New York Comic Con Cracks Down On Harassment With ‘Cosplay Is Not Consent’ Signs

Grabby geeks won’t be tolerated at this year’s event


by Fiona Byrne |
Published on

You can only imagine how many comic book nerds fantasise about their favourite female characters, so it stands to reason that they can sometimes get inappropriately excited when it comes to seeing real-life females dressed as these characters at the various Comic Cons around the world.

However, dressing up as one’s favourite comic book lady does not mean females are asking for untoward attention-slash-harassment – the only thing is, many guys don’t quite seem to ‘get’ that, and ladies attending these cosplay conferences have started to push back.

At the biggest Comic Con event in San Diego in July, Philadelphia-based group Geeks for CONsent passed out literature and temporary tattoos to educate both organisers and attendees on the importance of being respectful and keeping one’s hands and comments to oneself throughout the event. It seems that before this, organisers had not really seriously considered how invasive some male geeks can get during cosplay outings.

Costumes are perfect for those who behave inappropriately.
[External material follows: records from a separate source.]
(* Let $F$ be a field, $n\ge 2$, and let $r_1,\ldots,r_m$ be strictly upper triangular matrix units in $M_n(F)$ (i.e. each $r_l=e_{i_lj_l}$ with $i_l<j_l$) such that the associative product $r_1r_2\cdots r_m\neq 0$. Then for $\sigma\in\mathcal{S}_m$: (i) $r_{\sigma^{-1}(1)}r_{\sigma^{-1}(2)}\cdots r_{\sigma^{-1}(m)}\neq 0$ if and only if $\sigma$ is the identity; (ii) the left-normed commutator $[r_{\sigma^{-1}(1)},r_{\sigma^{-1}(2)},\ldots,r_{\sigma^{-1}(m)}]\neq 0$ if and only if $\sigma\in\mathscr{T}_m$.
   Context: $e_{ij}$ denotes the matrix unit with $1$ in position $(i,j)$ and $0$ elsewhere. Left-normed commutators: $[x_1,x_2]=x_1x_2-x_2x_1$ and $[x_1,\ldots,x_k]=[[x_1,\ldots,x_{k-1}],x_k]$ for $k>2$. $\mathcal{S}_m$ is the group of bijections of $I_m=\{1,\ldots,m\}$, with $\sigma\circ\tau$ meaning apply $\tau$ first. $\mathscr{T}_m=\{\sigma\in\mathcal{S}_m \mid \exists t\in I_m:\ \sigma(1)>\sigma(2)>\cdots>\sigma(t)=1,\ \sigma(t)<\sigma(t+1)<\cdots<\sigma(m)\}$. *)

From HB Require Import structures.
From mathcomp Require Import all_boot all_order all_algebra all_fingroup.
Set Implicit Arguments. Unset Strict Implicit. Unset Printing Implicit Defensive.
Import GRing.Theory.
Local Open Scope ring_scope.

(* Matrix commutator [A,B] = AB - BA (using the general matrix product *m,
   so no ring structure on 'M_n is needed). *)
Definition mcomm (F : fieldType) (n : nat) (A B : 'M[F]_n) : 'M[F]_n :=
  A *m B - B *m A.

Definition mxprod (F : fieldType) (n : nat) (s : seq 'M[F]_n) : 'M[F]_n :=
  foldr (fun A B => A *m B) 1%:M s.

(* Left-normed commutator [x_1, ..., x_k] = [[x_1,...,x_{k-1}],x_k];
   for a single element it is x_1 itself (the empty list gives 0, never used). *)
Definition lcomm (F : fieldType) (n : nat) (s : seq 'M[F]_n) : 'M[F]_n :=
  match s with
  | [::] => 0
  | x :: s' => foldl (@mcomm F n) x s'
  end.

(* The set T_m, with I_m = {0,...,m-1} (0-based): sigma is in T_m iff there is
   t with sigma(0) > sigma(1) > ... > sigma(t) = 0 and
   sigma(t) < sigma(t+1) < ... < sigma(m-1). *)
Definition inTm (m : nat) (s : 'S_m) : Prop :=
  exists t : 'I_m,
    nat_of_ord (s t) = 0%N /\
    (forall a b : 'I_m, (a < b)%N -> (b <= t)%N -> (s b < s a)%N) /\
    (forall a b : 'I_m, (t <= a)%N -> (a < b)%N -> (s a < s b)%N).

From HB Require Import structures.
From mathcomp Require Import all_boot all_order all_algebra all_fingroup zify.
Set Implicit Arguments. Unset Strict Implicit. Unset Printing Implicit Defensive.
Import GRing.Theory.

(* Write r_l = e_(I l, J l).  Since e_ij e_kl = [j = k] e_il, the nonzero
   product r_1 ... r_m forces J l = I (l+1), and I l < J l then makes
   I 1 < ... < I m < J m, so J u = I v exactly when v = u + 1.  A reordered
   product is thus nonzero iff consecutive factors carry consecutive labels,
   which for a permutation of all labels means the identity.  For the
   commutator, [c e_(I lo, J hi), r_x] is c e_(I lo, J x) if x = hi + 1,
   -c e_(I x, J hi) if x + 1 = lo, and 0 otherwise: the left-normed commutator
   survives iff every new label is adjacent to the interval of labels used so
   far, i.e. iff all prefixes of the one-line notation of sigma^-1 are
   intervals.  This says that sigma never takes at y a value above both its
   values at x < y < z, the usual description of the valley-shaped
   permutations T_m. *)

Definition convex_seq (s : seq nat) : Prop :=
  forall x y z, x < y < z -> x \in s -> z \in s -> y \in s.

Lemma convex_index_iota lo hi : convex_seq (index_iota lo hi).
Proof. by move=> x y z; rewrite !mem_index_iota; lia. Qed.

Lemma eq_convex_seq s1 s2 : s1 =i s2 -> convex_seq s1 <-> convex_seq s2.
Proof.
move=> eq12; split=> cvx x y z xyz; [rewrite -!eq12 | rewrite !eq12]; exact: cvx.
Qed.

Fixpoint extends_interval (lo hi : nat) (s : seq nat) : bool :=
  if s is x :: s' then
    if hi.+1 == x then extends_interval lo x s'
    else if x.+1 == lo then extends_interval x hi s'
    else false
  else true.

Lemma extends_intervalP lo hi s :
  lo <= hi -> uniq s -> {in s, forall x, (x < lo) || (hi < x)} ->
  reflect (forall k, convex_seq (index_iota lo hi.+1 ++ take k s))
          (extends_interval lo hi s).
Proof.
elim: s lo hi => [|x s IH] lo hi /= lohi.
  by move=> _ _; apply: ReflectT => k; rewrite cats0; apply: convex_index_iota.
case/andP=> xs us out; have xout := out x (mem_head x s).
have outs y : y \in s -> [&& (y < lo) || (hi < y) & y != x].
  by move=> ys; rewrite out ?inE ?ys ?orbT //=; apply: contraNneq xs => <-.
have step lo' hi' : lo' <= hi' -> {in s, forall y, (y < lo') || (hi' < y)} ->
    (forall k, index_iota lo hi.+1 ++ take k.+1 (x :: s) =i index_iota lo' hi'.+1 ++ take k s) ->
    reflect (forall k, convex_seq (index_iota lo hi.+1 ++ take k (x :: s)))
            (extends_interval lo' hi' s).
  move=> lohi' out' mem; apply: (iffP (IH _ _ lohi' us out')) => [cvx [|k]|cvx k].
  - by rewrite take0 cats0; apply: convex_index_iota.
  - exact/(eq_convex_seq (mem k)).
  - exact/(eq_convex_seq (mem k)).
case: ifP => [/eqP hix|/negbT hix]; last case: ifP => [/eqP xlo|/negbT xlo].
- apply: step => [||k y]; [lia | by move=> y /outs; lia |].
  by rewrite /= !mem_cat in_cons !mem_index_iota; case: (y \in _); lia.
- apply: step => [||k y]; [lia | by move=> y /outs; lia |].
  by rewrite /= !mem_cat in_cons !mem_index_iota; case: (y \in _); lia.
apply: ReflectF => /(_ 1%N); rewrite /= take0.
have [xl|hx] : x.+1 < lo \/ hi.+1 < x by lia.
  by move/(_ x x.+1 lo); rewrite !mem_cat !inE !mem_index_iota; lia.
by move/(_ hi hi.+1 x); rewrite !mem_cat !inE !mem_index_iota; lia.
Qed.

Lemma path_succ_iota u s :
  path (fun i j => i.+1 == j) u s = (s == iota u.+1 (size s)).
Proof.
by elim: s u => [|x s IH] u //=; rewrite IH eqseq_cons [x == _]eq_sym; case: eqP => // <-.
Qed.

Definition peak_free m (s : 'S_m) : Prop :=
  forall x y z : 'I_m, x < y -> y < z -> s y < s x \/ s y < s z.

Section OneLineNotation.
Variables (N : nat) (p : 'S_N).

Lemma mem_take_perm (i : 'I_N) k :
  (val (p i) \in take k [seq val (p j) | j <- enum 'I_N]) = (i < k).
Proof.
rewrite in_take ?(index_map (f := fun j => val (p j))) ?index_enum_ord //.
  exact: inj_comp val_inj (@perm_inj _ p).
by apply: map_f; rewrite mem_enum.
Qed.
Firstly, there’s the masks – men can grab asses and touch boobs, all while safely hiding behind whatever character’s mask they’ve got on. At Sydney Comic Con recently, a teenage boy dressed as The Slender Man was kicked outafter creepily invading people’s personal space and touching people without their permission.

But policies are finally changing. At New York Comic Con this weekend, attendees are to be welcomed with a big sign saying ‘Cosplay is not consent’. It reads: ‘Please keep your hands to yourself. If you would like to take a picture with or of another NYCC fan, always ask first and respect that person’s right to say no. When at New York Comic Con, be respectful, be nice, be cool and be kind to each other.’

It’s very heartening that the sign was created and positioned as an official NYCC policy, showing that the organisation is taking its treatment of women seriously, and acknowledging that dressing up as a comic book character does not mean you are courting gross comments and catcalls from men, kind of like how wearing a short skirt or a cleavage-bearing top isn’t ‘asking for it’ either.

The NYCC also has a new ‘zero tolerance policy’ for harassment for all attendees, regardless of sex, and details banned behaviours on its website, along with contact details, so if you’re being bothered by someone, you can report it. It’s kind of like a really cool #heforshe moment in the comic book world, and a lovely, geeky step forward towards equality.